▸ **Problem statement**: Your output should be the line with "rewrite -!natr1; ring." followed by every remaining line of the entries, reproduced exactly.

▸ **Provided data**:
Lemma hornerUshift_cos k t : (Ushift R k).[cos t] * sin t = sin (k%:R * t).
Proof.
elim/ltn_ind: k => -[|[|j]] IH /=; first by rewrite horner0 !mul0r sin0.
  by rewrite hornerC !mul1r.
rewrite hornerD hornerN !hornerM hornerC hornerX.
transitivity (2 * cos t * ((Ushift R j.+1).[cos t] * sin t)
              - (Ushift R j).[cos t] * sin t); first by ring.
rewrite IH // IH; last exact: leqW.
have -> : j.+2%:R * t = j.+1%:R * t + t by rewrite [in LHS]mulrSr mulrDl mul1r.
have -> : j%:R * t = j.+1%:R * t - t by rewrite mulrSr mulrDl mul1r addrK.
rewrite sinB sinD; ring.
Qed.

Lemma hornerUshift1 k : (Ushift R k).[1] = k%:R.
Proof.
elim/ltn_ind: k => -[|[|j]] IH /=; first by rewrite horner0.
  by rewrite hornerC.
rewrite hornerD hornerN !hornerM hornerC hornerX (IH j.+1) // (IH j); last exact: leqW.
rewrite -!natr1; ring.
Qed.

Lemma hornerUshiftN1 k : (Ushift R k).[-1] = (-1) ^+ k.+1 * k%:R.
Proof.
elim/ltn_ind: k => -[|[|j]] IH /=; first by rewrite horner0 mulr0.
  by rewrite hornerC expr2 mulrNN !mul1r.
rewrite hornerD hornerN !hornerM hornerC hornerX (IH j.+1) // (IH j); last exact: leqW.
rewrite -!natr1 !exprS; ring.
Qed.

End Chebyshev.

Section Trigonometry.
Import numFieldNormedType.Exports.
Variable R : realType.
Implicit Types (a b c D t : R) (k : nat).

Lemma sin_mulrn_pi k : sin ((pi : R) *+ k) = 0.
Proof. by rewrite -[_ *+ k]add0r (alternatingn (@sinDpi R)) sin0 mulr0. Qed.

▸ **Response to the exercise**:
rewrite -!natr1; ring.
Qed.

Lemma hornerUshiftN1 k : (Ushift R k).[-1] = (-1) ^+ k.+1 * k%:R.
Proof.
elim/ltn_ind: k => -[|[|j]] IH /=; first by rewrite horner0 mulr0.
  by rewrite hornerC expr2 mulrNN !mul1r.
rewrite hornerD hornerN !hornerM hornerC hornerX (IH j.+1) // (IH j); last exact: leqW.
rewrite -!natr1 !exprS; ring.
Qed.

End Chebyshev.

Section Trigonometry.
Import numFieldNormedType.Exports.
Variable R : realType.
Implicit Types (a b c D t : R) (k : nat).

Lemma sin_mulrn_pi k : sin ((pi : R) *+ k) = 0.
Proof. by rewrite -[_ *+ k]add0r (alternatingn (@sinDpi R)) sin0 mulr0. Qed.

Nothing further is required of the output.